Backing up to your earlier comment. Pixels on some displays are in fact little squares of uniform color. The question then is how to color a pixel given geometry with detail within that square.
All of this "filtering" is variations on adding blur. In fact the article extends the technique to deliberately blur images on a larger scale. When we integrate a function (which could be a color gradient over a fully filled polygon) and then paint the little square with a solid "average" color that's also a form of blurring (more like distorting in this case) the detail.
It is notable that the examples given are moving, which means moire patterns and other artifacts will have frame-to-frame effects that may be annoying visually. Simply blurring the image takes care of that at the expense of eliminating what looks like detail but may not actually be meaningful. Some of the less blurry images seem to have radial lines that bend and go back out in another location for example, so I'd call that false detail. It may actually be better to blur such detail instead of leaving it look sharper with false contours.
Yes it’s a good point that LCD pixels are more square than the CRTs that were ubiquitous when Alvy Ray wrote his paper. I think I even made that point before on HN somewhere. I did mention in response to Raph that yes the ideal target depends on what the display is, and the filter choice does depend on whether it’s LCD, CRT, film, print, or something else. That said, LCD pixels are not perfect little squares, and they’re almost never uniform color. The ideal filter for LCDs might be kinda complicated, and you’d probably need three RGB-separated filters.
Conceptually, what we’re doing is low-pass filtering, rather than blurring, so I wouldn’t necessarily call filtering just “adding blur”, but in some sense those two ideas are very close to each other, so I wouldn’t call it wrong either. :P The render filtering is a convolution integral, and is slightly different than adding blur to an image without taking the pixel shape into account. Here the filter’s quality depends on taking the pixel shape into account.
You’re right about making note of the animated examples - this is because it’s easier to demonstrate aliasing when animated. The ‘false detail’ is also aliasing, and does arise because the filtering didn’t adequately filter out high frequencies, so they’ve been sampled incorrectly and lead to incorrect image reconstruction. I totally agree that if you get such aliasing false detail, it’s preferable to err (slightly) on the side of blurry, rather than sharp and wrong.
Would DLP projectors which distribute color over time (a color wheel) or multiple light sources combined with dichroic filters, produce uniform squares of color?
In theory if the DMD mirrors were perfect little squares, and if the lens has perfect focus, and if the mirrors switch infinitely fast and are perfectly aligned with the color wheel in time, then maybe it’d be fair to call them uniform squares of color. In reality, the mirrors look square, but aren’t perfect squares - there’s variance in the flatness, aim, edges & beveling, and also both the lens and mirror switching blurs the pixels. The mirror switching over time is not infinitely fast, so the colors change during their cycle (usually multiple times per color of the wheel!) Not to mention some newer DLPs are using LEDs that are less square than DMD mirrors to begin with.
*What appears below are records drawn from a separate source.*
(* Suppose $\psi\in\Psi^*$, $s,s'\in\Omega_2$ and $|s-s'|\le(\mathcal{L}\log\mathcal{L})^{-1}$. Then $$\frac{F(s,\psi)}{F(s',\psi)}=1+O\big(|s-s'|\mathcal{L}\log\mathcal{L}\big).$$
   Context: Standing conventions: $\chi$ is a real primitive Dirichlet character of modulus $D$, where $D$ exceeds a sufficiently large absolute constant; implied constants are absolute. $\mathcal{L}=\log D$, $Q=\exp(\mathcal{L}^2)$, $\alpha=\mathcal{L}^{-2}$, $s_0=\tfrac12+iD$. Let $\mathcal{Q}$ be the set of integers $q$ with $Q<q<2Q$, $\gcd(q,6)=1$, $q$ squarefree; $\Psi_q$ the set of primitive characters $\psi\bmod q$ with $\psi\chi$ primitive modulo $\mathrm{lcm}(q,D)$; $\Psi=\bigcup_q\Psi_q$. Define $\nu,\upsilon$ by $\sum\nu(n)n^{-s}=\zeta(s)L(s,\chi)$, $\sum\upsilon(n)n^{-s}=\zeta(s)^{-1}L(s,\chi)^{-1}$; $F(s,\psi)=\sum_{n\le D^5}\nu(n)\psi(n)n^{-s}$, $G(s,\psi)=\sum_{n\le D^5}\upsilon(n)\psi(n)n^{-s}$; $\Delta(s,\psi)=L(s,\psi)/L(1-s,\bar\psi)$, $\Delta_1(s,\psi)=\Delta(s,\psi)\Delta(s,\psi\chi)$, $\mathcal{F}(s,\psi)=F(s,\psi)+\Delta_1(s,\psi)F(1-s,\bar\psi)$. $\Omega_1=\{s:-2\alpha^{1/2}<\mathrm{Re}(s-s_0)<1,\ |\mathrm{Im}(s-s_0)|<1+20\mathcal{L}\}$, $\Omega_2=\{s:-\tfrac1{10}\alpha\log\mathcal{L}<\mathrm{Re}(s-s_0)<\tfrac12,\ |\mathrm{Im}(s-s_0)|<1+10\mathcal{L}\}$. $\Psi^*$ is the set of $\psi\in\Psi$ with (I1) $\sup_{\Omega_1}\{|F|+|G|\}<\mathcal{L}^3\log\mathcal{L}$, (I2) $\sup_{\Omega_1}|FG-1|<\tfrac12$, (I3) $\sup_{\Omega_2}|L(s,\psi)L(s,\psi\chi)-\mathcal{F}(s,\psi)|<\mathcal{L}^{-24/5}$. *)

From Stdlib Require Import Reals Arith List.
From Coquelicot Require Import Coquelicot.
Import ListNotations.
Open Scope R_scope.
All this comes down to the projected pixels not being nearly as square as one might think (maybe that’s on purpose), though do note that squares are not the ideal shape of a pixel in the first place, for the same reason box filtering isn’t the best filter. If your pixel has sharp edges, that causes artifacts.
Oh I agree with all of that. And nice to see you on HN Raph - was nice to meet you at HPG the other day.
It’s subjective, so box filter being ‘close’ is a somewhat accurate statement. I’m coming from the film world, and so I have a pretty hard time agreeing that it’s “very” close. Box filter breaks often and easily, especially under animation, but it’s certainly better than nearest neighbor sampling, if that’s our baseline. Box filter is pretty bad for nearly any scenario where there are frequencies higher than the pixel spacing, which includes textures, patterns, thin lines, and all kinds of things, and the real world is full of these box-filter-confounding features.
One interesting question to ask is whether you the viewer can reliably identify the size of a pixel anywhere in the image. If you can see any stepping of any kind, the pixel size is visible, and that means the filter is inadequate and cannot achieve “best possible output quality”. Most people are not sensitive to this at all, but I’ve sat through many filter evaluation sessions with film directors and lighting/vfx supervisors who are insanely sensitive to the differences between well tuned and closely matching Mitchell and Gaussian filters, for example. Personally, for various reasons based on past experience, I think it’s better to err slightly on the side of too blurry than too sharp. I’d rather use a Gaussian than bicubic, but the film people don’t necessarily agree and they think Gaussian is too blurry once you eliminate aliasing. Once you find the sharpest Gaussian you can that doesn’t alias, you will not be able to identify the size of a pixel - image features transition from sharp to blurry as you consider smaller scales, but pixel boundaries are not visible. I’ve never personally seen another filter that does this always, even under contrived scenarios.
That said, I still think it’s tautologically true that box filter is simply not the “best” quality, even if we’re talking about very minor differences. Bilinear and Bicubic are always as good or better, even when the lay person can’t see the differences (or when they don’t know what to look for).
My opinion is that there is no such thing as “best” output quality. We are in a tradeoff space, and the optimal result depends on goals that need to be stated explicitly and elaborated carefully. It depends heavily on the specific display, who/what is looking at the display, what the viewer cares about, what the surrounding environment is like, etc., etc..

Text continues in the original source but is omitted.